C’est à un autre sens du mot découverte qu’il est fait appel dans le travail de Mark Ruwedel : ici joue le contraste entre le nom d’un artiste reconnu qui évoque tout de suite un certain langage visuel et son nouveau travail qui l’emmène dans une nouvelle direction. Baker dit avoir eu la même expérience avec le travail récent d’Eugene Richards. Pendant une de ses visites à Ruwedel à Los Angeles, le commissaire a été surpris de découvrir un travail puissant et drôle qui repositionne les recherches du photographe dans notre présent. Ruwedel, qui a enregistré l’impact de l’activité humaine sur le paysage de l’Amérique de l’ouest pendant des années, avec Dusk et Dog Houses, abandonne ses préoccupations historiques et les références à un passé lointain. Dans 1212 Palms, Ruwedel applique son approche conceptuelle à la photographie de paysage, et joue avec la relation entre l’environnement et la manière dont nous le désignons, montrant la profonde connexion entre la photographie et notre pratique du paysage. 1212 Palms est une série de neuf photographies d’endroits qui ont été nommés en fonction du nombre de palmiers qu’on pouvait y trouver (Una Palma, Thousand Palm Oasis, …). Les neuf noms s’additionnent pour former le total de mille deux cents douze même si le nombre ne correspond pas à la quantité de palmiers visibles dans les photographies.
Baker souligne également le soin accordé par Ruwedel à ses tirages. Le photographe s’en occupe lui-même en utilisant un papier photo extrêmement rare pour un résultat d’une qualité exceptionnelle.

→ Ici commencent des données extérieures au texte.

(* Let $\mathcal{M}=(W,R,V)$ be a Kripke model, $w_0\in W$, $\varphi_0$ a sentence of the modal $\mu$-calculus and $\Gamma$ an ordinal. Then every play of the $\Gamma$-bounded evaluation game $(\mathcal{M},w_0,\varphi_0,\Gamma)$ ends after finitely many rounds, i.e. reaches a position in which one of the players wins.
   Context: Formulae of the modal $\mu$-calculus over a set $\Phi$ of proposition symbols and a set $\Lambda$ of label symbols: $\varphi ::= p \mid \neg p \mid X \mid \varphi\vee\varphi \mid \varphi\wedge\varphi \mid \Diamond\varphi \mid \Box\varphi \mid \mu X\varphi \mid \nu X\varphi$ with $p\in\Phi$, $X\in\Lambda$. $\mathrm{Sub}(\varphi)$ is the set of nodes (occurrences) of the syntax tree of $\varphi$; $\mathrm{Sub}_{\mu\nu}(\varphi)$ is the set of those occurrences of the form $\mu X\psi$ or $\nu X\psi$. A label occurrence $X$ is free if it is not inside any subformula $\mu X\psi$ or $\nu X\psi$; a sentence has no free label occurrences. For an occurrence $X$ in a sentence $\varphi_0$, its reference formula $\mathrm{rf}(X)$ is the nearest ancestor of that occurrence in the syntax tree of the form $\mu X\psi$ or $\nu X\psi$ (same label $X$). A Kripke model is $\mathcal{M}=(W,R,V)$ with $W\neq\emptyset$, $R\subseteq W\times W$, $V:\Phi\to\mathcal{P}(W)$. The $\Gamma$-bounded evaluation game $(\mathcal{M},w_0,\varphi_0,\Gamma)$ is played by Eloise and Abelard. Positions are $(w,\varphi,c)$ with $w\in W$, $\varphi\in\mathrm{Sub}(\varphi_0)$ and $c:\mathrm{Sub}_{\mu\nu}(\varphi_0)\to\{\gamma\mid\gamma\le\Gamma\}$ a clock mapping. The initial position is $(w_0,\varphi_0,c_0)$ with $c_0(\theta)=\Gamma$ for all $\theta$. Rules: at $(w,p,c)$ Eloise wins iff $w\in V(p)$, else Abelard wins; at $(w,\neg p,c)$ Eloise wins iff $w\notin V(p)$, else Abelard wins; at $(w,\psi\vee\theta,c)$ Eloise chooses the next position $(w,\psi,c)$ or $(w,\theta,c)$; at $(w,\psi\wedge\theta,c)$ Abelard chooses likewise; at $(w,\Diamond\psi,c)$ Eloise chooses $v$ with $wRv$ and play moves to $(v,\psi,c)$, and Abelard wins if no such $v$ exists; at $(w,\Box\psi,c)$ Abelard chooses $v$ with $wRv$ and play moves to $(v,\psi,c)$, and Eloise wins if no such $v$ exists; at $(w,\mu X\psi,c)$ Eloise chooses an ordinal $\gamma<\Gamma$ and play moves to $(w,\psi,c[\gamma/\mu X\psi])$ (where $c[\gamma/\theta]$ agrees with $c$ except that it sends $\theta$ to $\gamma$); at $(w,\nu X\psi,c)$ Abelard chooses $\gamma<\Gamma$ and play moves to $(w,\psi,c[\gamma/\nu X\psi])$. At $(w,X,c)$, let $\gamma=c(\mathrm{rf}(X))$. If $\mathrm{rf}(X)=\mu X\psi$: if $\gamma=0$ Abelard wins; otherwise Eloise chooses $\gamma'<\gamma$ and play moves to $(w,\psi,c')$ where $c'(\mu X\psi)=\gamma'$, $c'(\theta)=\Gamma$ for every $\theta\in\mathrm{Sub}_{\mu\nu}(\varphi_0)$ lying inside $\psi$, and $c'(\theta)=c(\theta)$ otherwise. If $\mathrm{rf}(X)=\nu X\psi$: the same with roles swapped (if $\gamma=0$ Eloise wins; otherwise Abelard chooses $\gamma'<\gamma$, with the same update of the clock mapping). Each application of a rule is one round. *)

From mathcomp Require Import all_boot.
Set Implicit Arguments. Unset Strict Implicit. Unset Printing Implicit Defensive.

(* Formulae of the modal mu-calculus; P = proposition symbols (Phi),
   L = label symbols (Lambda, needs decidable equality). *)
Inductive form (P : Type) (L : eqType) : Type :=
  | FProp of P
  | FNProp of P
  | FVar of L
  | FOr of form P L & form P L
  | FAnd of form P L & form P L
  | FDia of form P L
  | FBox of form P L
  | FMu of L & form P L
  | FNu of L & form P L.

Arguments FProp {P L}. Arguments FNProp {P L}. Arguments FVar {P L}.
Arguments FOr {P L}. Arguments FAnd {P L}. Arguments FDia {P L}.
Arguments FBox {P L}. Arguments FMu {P L}. Arguments FNu {P L}.

(* Occurrences (nodes of the syntax tree) are addresses: the sequence of
   child indices (0 = first/only child, 1 = second child) from the root. *)
Definition addr := seq nat.

Fixpoint subf (P : Type) (L : eqType) (phi : form P L) (a : addr)
  : option (form P L) :=
  match a with
  | [::] => Some phi
  | i :: a' =>
    match phi, i with
    | FOr f _, 0 | FAnd f _, 0 => subf f a'
    | FOr _ g, 1 | FAnd _ g, 1 => subf g a'
    | FDia f, 0 | FBox f, 0 | FMu _ f, 0 | FNu _ f, 0 => subf f a'
    | _, _ => None
    end
  end.

Definition binder_label (P : Type) (L : eqType) (o : option (form P L))
  : option L :=
  match o with
  | Some (FMu X _) | Some (FNu X _) => Some X
  | _ => None
  end.

Definition is_fixnode (P : Type) (L : eqType) (phi0 : form P L) (t : addr)
  : bool := binder_label (subf phi0 t) != None.

(* Reference formula of the occurrence of label X at address a in phi0:
   the nearest (longest) proper prefix of a whose node is mu X _ or nu X _. *)
Definition rf (P : Type) (L : eqType) (phi0 : form P L) (a : addr) (X : L)
  : option addr :=
  last None [seq Some b | b <- [seq take i a | i <- iota 0 (size a)]
                        & binder_label (subf phi0 b) == Some X].

Definition sentence (P : Type) (L : eqType) (phi0 : form P L) : Prop :=
  forall (a : addr) (X : L), subf phi0 a = Some (FVar X) -> rf phi0 a X <> None.

(* Ordinals: the ordinals are represented by an arbitrary type O with a
   strict well-founded total order lt. *)
Definition is_ordinal_order (O : Type) (lt : O -> O -> Prop) : Prop :=
  well_founded lt /\
  (forall x y z, lt x y -> lt y z -> lt x z) /\
  (forall x y, lt x y \/ x = y \/ lt y x).

(* Positions (w, phi, c): phi given by its address in phi0; the clock mapping
   c is a function on addresses, only its values on Sub_{mu nu}(phi0) matter. *)
Definition position (W O : Type) : Type := (W * addr * (addr -> O))%type.

Definition initial_position (W O : Type) (w0 : W) (Gamma : O) : position W O :=
  (w0, [::], fun _ => Gamma).

(* One round of the Gamma-bounded evaluation game: p --> q is a legal move
   (of whichever player is to move at p).  Winning/terminal positions have
   no successors. *)
Definition game_move (P : Type) (L : eqType) (W : Type) (R : W -> W -> Prop)
  (O : Type) (lt : O -> O -> Prop) (phi0 : form P L) (Gamma : O)
  (p q : position W O) : Prop :=
  let: (w, a, c) := p in
  let: (w', a', c') := q in
  match subf phi0 a with
  | Some (FOr _ _) | Some (FAnd _ _) =>
      w' = w /\ (a' = rcons a 0 \/ a' = rcons a 1) /\ c' = c
  | Some (FDia _) | Some (FBox _) =>
      R w w' /\ a' = rcons a 0 /\ c' = c
  | Some (FMu _ _) | Some (FNu _ _) =>
      w' = w /\ a' = rcons a 0 /\
      exists g, lt g Gamma /\ c' = (fun t => if t == a then g else c t)
  | Some (FVar X) =>
      match rf phi0 a X with
      | Some b =>
          exists g', lt g' (c b) /\ w' = w /\ a' = rcons b 0 /\
            c' = (fun t => if t == b then g'
                           else if is_fixnode phi0 t && prefix (rcons b 0) t
                                then Gamma else c t)
      | None => False
      end
  | _ => False
  end.

(* Read a position (w, a, c) as the sequence indexed by the depths i <= height phi0: the clock value
   c (take i a) at each fixpoint node on the path a, a neutral value at the other nodes of the path,
   and a top value below the end of the path.  Every round decreases this sequence lexicographically:
   a move into a child replaces the top value at depth size a, and unfolding a label X decreases the
   clock of rf(X), which is a proper prefix of a; the clocks above it are untouched and only the
   clocks inside it are reset.  Since the clock values are well ordered, so are these sequences. *)

From mathcomp Require Import all_boot zify.

Set Implicit Arguments.
Unset Strict Implicit.
Unset Printing Implicit Defensive.

Lemma wf_no_descending_chain (T : Type) (r : T -> T -> Prop) (f : nat -> T) :
  well_founded r -> ~ (forall n, r (f n.+1) (f n)).
Proof.
move=> wf_r desc.
suff no_acc : forall x, Acc r x -> forall n, f n <> x.
  exact: no_acc (f 0) (wf_r _) 0 erefl.
move=> x; elim=> {}x _ IH n fnE.
by apply: (IH (f n.+1)) (erefl _); rewrite -fnE.
Qed.

Section TopExtension.
Variables (T : Type) (r : T -> T -> Prop).

Definition lt_top (x y : option T) : Prop :=
  match x, y with
  | Some a, Some b => r a b
  | Some _, None => True
  | None, _ => False
  end.

Lemma lt_top_wf : well_founded r -> well_founded lt_top.
Proof.
move=> wf_r.
have acc_some : forall a, Acc lt_top (Some a).
  move=> a; elim: (wf_r a) => {}a _ IH.
  by constructor=> [[b|]] /= => [/IH | []].
by constructor=> [[b|]] /= => [_ | []]; apply: acc_some.
Qed.

End TopExtension.

Section Lexicographic.
Variables (T : Type) (r : T -> T -> Prop).

Fixpoint lex_lt (s t : seq T) : Prop :=
  match s, t with
  | x :: s', y :: t' => (r x y /\ size s' = size t') \/ (x = y /\ lex_lt s' t')
  | _, _ => False
  end.

Lemma lex_lt_size s t : lex_lt s t -> size s = size t.
Proof.
elim: s t => [|x s IH] [|y t] //=.
by case=> [[_ ->] | [_ /IH ->]].
Qed.

Lemma lex_lt_wf : well_founded r -> well_founded lex_lt.
Proof.
move=> wf_r.
suff acc_size : forall n s, size s = n -> Acc lex_lt s by move=> s; exact: acc_size.
elim=> [|n IHn] [|x s] /= sizeE; try discriminate.
  by constructor=> [[|y t]] [].
case: sizeE; elim: (wf_r x) s => {}x _ IHx s sizes.
have acc_s := IHn s sizes; elim: acc_s sizes => {}s _ IHs sizes.
constructor=> [[|y t]] /=; first by case.
case=> [[ryx sizet] | [-> lts]].
- by apply: IHx => //; rewrite sizet.
- by apply: (IHs t lts); rewrite (lex_lt_size lts).
Qed.

Lemma lex_lt_map_iota (f g : nat -> T) m n k :
  m <= k < m + n -> (forall i, i < k -> f i = g i) -> r (f k) (g k) ->
  lex_lt (map f (iota m n)) (map g (iota m n)).
Proof.
elim: n m => [|n IH] m; first by rewrite addn0; lia.
move=> k_range fgE rfg /=.
have [kE | k_neq_m] := eqVneq k m.
  by left; split; [rewrite -kE | rewrite !size_map].
right; split; first by apply: fgE; lia.
by apply: IH => //; lia.
Qed.

End Lexicographic.

Fixpoint height (P : Type) (L : eqType) (f : form P L) : nat :=
  match f with
  | FOr f g | FAnd f g => (maxn (height f) (height g)).+1
  | FDia f | FBox f | FMu _ f | FNu _ f => (height f).+1
  | _ => 0
  end.

Lemma subf_size_le (P : Type) (L : eqType) (phi : form P L) a psi :
  subf phi a = Some psi -> size a <= height phi.
Proof.
elim: a phi => [|i a IH] phi //=.
by case: phi => [p|p|X|f g|f g|f|f|X f|X f]; case: i => [|[|i]] //= /IH /=; lia.
Qed.

Lemma rf_take (P : Type) (L : eqType) (phi0 : form P L) a X b :
  rf phi0 a X = Some b ->
  exists2 k, k < size a & b = take k a /\ binder_label (subf phi0 b) = Some X.
Proof.
have last_some : forall (s : seq addr) x,
    last x [seq Some y | y <- s] = Some b -> x = Some b \/ b \in s.
  elim=> [|y s IH] x /=; first by left.
  by case/IH=> [[->] | bs]; right; rewrite in_cons ?eqxx ?bs ?orbT.
case/last_some=> //; rewrite mem_filter => /andP [/eqP labelX /mapP [k]].
by rewrite mem_iota => /andP [_ ka] bE; exists k; rewrite -?bE.
Qed.

Section ClockEntries.
Variables (P : Type) (L : eqType) (O : Type) (lt : O -> O -> Prop).
Variable phi0 : form P L.

Definition clock_entry (a : addr) (c : addr -> O) (i : nat) : option (option O) :=
  if i < size a then
    (if is_fixnode phi0 (take i a) then Some (Some (c (take i a))) else Some None)
  else None.

Definition clock_rank (a : addr) (c : addr -> O) : seq (option (option O)) :=
  map (clock_entry a c) (iota 0 (height phi0).+1).

Definition entry_lt := lt_top (lt_top lt).

Lemma clock_entry_prefix a c k j c' i :
  k <= size a -> (forall t, size t < k -> c' t = c t) -> i < k ->
  clock_entry (rcons (take k a) j) c' i = clock_entry a c i.
Proof.
move=> ka c'E ik; have ia : i < size a by lia.
rewrite /clock_entry size_rcons size_takel // ltnS (ltnW ik) ia.
rewrite -cats1 takel_cat ?size_takel ?(ltnW ik) // take_takel ?(ltnW ik) //.
by rewrite c'E // size_takel //; lia.
Qed.

Lemma clock_entry_rcons_size b j c' :
  clock_entry (rcons b j) c' (size b) =
  if is_fixnode phi0 b then Some (Some (c' b)) else Some None.
Proof.
by rewrite /clock_entry size_rcons ltnSn -cats1 takel_cat // take_size.
Qed.

Lemma clock_entry_size a c : clock_entry a c (size a) = None.
Proof. by rewrite /clock_entry ltnn. Qed.

Lemma clock_entry_lt_size a c k :
  k < size a -> clock_entry a c k =
  if is_fixnode phi0 (take k a) then Some (Some (c (take k a))) else Some None.
Proof. by rewrite /clock_entry => ->. Qed.

Lemma game_move_entry_lt (W : Type) (R : W -> W -> Prop) (Gamma : O)
    w a c w' a' c' :
  game_move R lt phi0 Gamma (w, a, c) (w', a', c') ->
  exists2 k, k <= height phi0 &
    (forall i, i < k -> clock_entry a' c' i = clock_entry a c i) /\
    entry_lt (clock_entry a' c' k) (clock_entry a c k).
Proof.
rewrite /game_move; case subfE: (subf phi0 a) => [f|] //.
have into_child : forall j c2,
    (forall t, size t < size a -> c2 t = c t) ->
    exists2 k, k <= height phi0 &
      (forall i, i < k -> clock_entry (rcons a j) c2 i = clock_entry a c i) /\
      entry_lt (clock_entry (rcons a j) c2 k) (clock_entry a c k).
  move=> j c2 c2E; exists (size a); first exact: subf_size_le subfE.
  split; last by rewrite clock_entry_size clock_entry_rcons_size; case: ifP.
  by move=> i; have := @clock_entry_prefix a c (size a) j c2 i (leqnn _) c2E; rewrite take_size.
have update_above : forall g t, size t < size a ->
    (if t == a then g else c t) = c t.
  by move=> g t ta; case: eqP => // tE; move: ta; rewrite tE ltnn.
case: f subfE => [p|p|X|f g|f g|f|f|X f|X f] subfE //.
- case rfE: (rf phi0 a X) => [b|] //.
  move=> [g' [g'lt [_ [-> ->]]]].
  have [k ka [bE labelX]] := rf_take rfE.
  have kb : size b = k by rewrite bE size_takel //; lia.
  have fixb : is_fixnode phi0 b by rewrite /is_fixnode labelX.
  exists k; first by have := subf_size_le subfE; lia.
  split.
    move=> i ik; rewrite bE; apply: clock_entry_prefix => //; first lia.
    (* clocks strictly inside rf(X) are reset, but those nodes lie below depth k *)
    move=> t tk; rewrite -bE; case: eqP => [tE | _]; first by move: tk; rewrite tE kb ltnn.
    case: ifP => // /andP [_ /size_prefix]; rewrite size_rcons kb => kt.
    by have := ltn_trans kt tk; rewrite ltnn.
  rewrite -{1}kb clock_entry_rcons_size clock_entry_lt_size // -bE fixb.
  by rewrite /= eqxx.
- by move=> [_ [[->|->] ->]]; apply: into_child.
- by move=> [_ [[->|->] ->]]; apply: into_child.
- by move=> [_ [-> ->]]; apply: into_child.
- by move=> [_ [-> ->]]; apply: into_child.
- by move=> [_ [-> [g [_ ->]]]]; apply: into_child; apply: update_above.
- by move=> [_ [-> [g [_ ->]]]]; apply: into_child; apply: update_above.
Qed.

Lemma game_move_rank_lt (W : Type) (R : W -> W -> Prop) (Gamma : O)
    w a c w' a' c' :
  game_move R lt phi0 Gamma (w, a, c) (w', a', c') ->
  lex_lt entry_lt (clock_rank a' c') (clock_rank a c).
Proof.
move=> move_wc; have [k kh [eq_before lt_at]] := game_move_entry_lt move_wc.
by apply: (lex_lt_map_iota (k := k)) => //; lia.
Qed.

End ClockEntries.

Theorem proposition1 (P : Type) (L : eqType)
  (W : Type) (R : W -> W -> Prop) (V : P -> W -> Prop) (w0 : W)
  (phi0 : form P L) (O : Type) (lt : O -> O -> Prop) (Gamma : O) :
  is_ordinal_order lt ->
  sentence phi0 ->
  ~ (exists play : nat -> position W O,
        play 0 = initial_position w0 Gamma /\
        forall n, game_move R lt phi0 Gamma (play n) (play n.+1)).
Proof.
move=> [wf_lt _] _ [play [_ moves]].
pose rank (p : position W O) := let: (_, a, c) := p in clock_rank phi0 a c.
apply: (@wf_no_descending_chain _ _ (rank \o play)).
  exact/lex_lt_wf/lt_top_wf/lt_top_wf.
move=> n /=; have := moves n.
case: (play n) => [[w a] c]; case: (play n.+1) => [[w' a'] c'].
exact: game_move_rank_lt.
Qed.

Le dernier nominé est Minoru Hirata, né à Tokyo en 1930, et âgé de 81 ans, connu surtout pour ses photographies des performances de l’avant-garde japonaise, dont Shinohara, Neo Dada, Yoko Ono, Hi Red Center, Nam June Paik et Zero Jingen. Baker trouve que son travail très sophistiqué est loin de se réduire à un simple enregistrement ou un reportage. Il voit dans la production d’Hirata des éléments qu’elle partage avec l’œuvre de grands photographes japonais d’après-guerre, comme Sherman Moriyama. Fasciné par son travail, le commissaire s’y est intéressé plus avant et a compris pourquoi il était si puissant visuellement. Ses recherches lui ont fait découvrir un aspect totalement différent de son activité qui date de la fin des années 60 – début des années 70, pendant l’occupation américaine d’Okinawa. À l’époque, Hirata est tout de suite attiré par la beauté des paysages naturels d’Okinawa, mais son principal centre d’intérêt est la situation géopolitique complexe de l’île. Pour Baker, la grandeur d’Hirata, qui fait de lui un artiste à part entière, est son sens du placement, et la manière dont il nous montre ce que peut faire une photographie pour révéler et enregistrer un espace. Les deux aspects du travail de Hirata seront montrés face à face, dans un subtil jeu de résonances.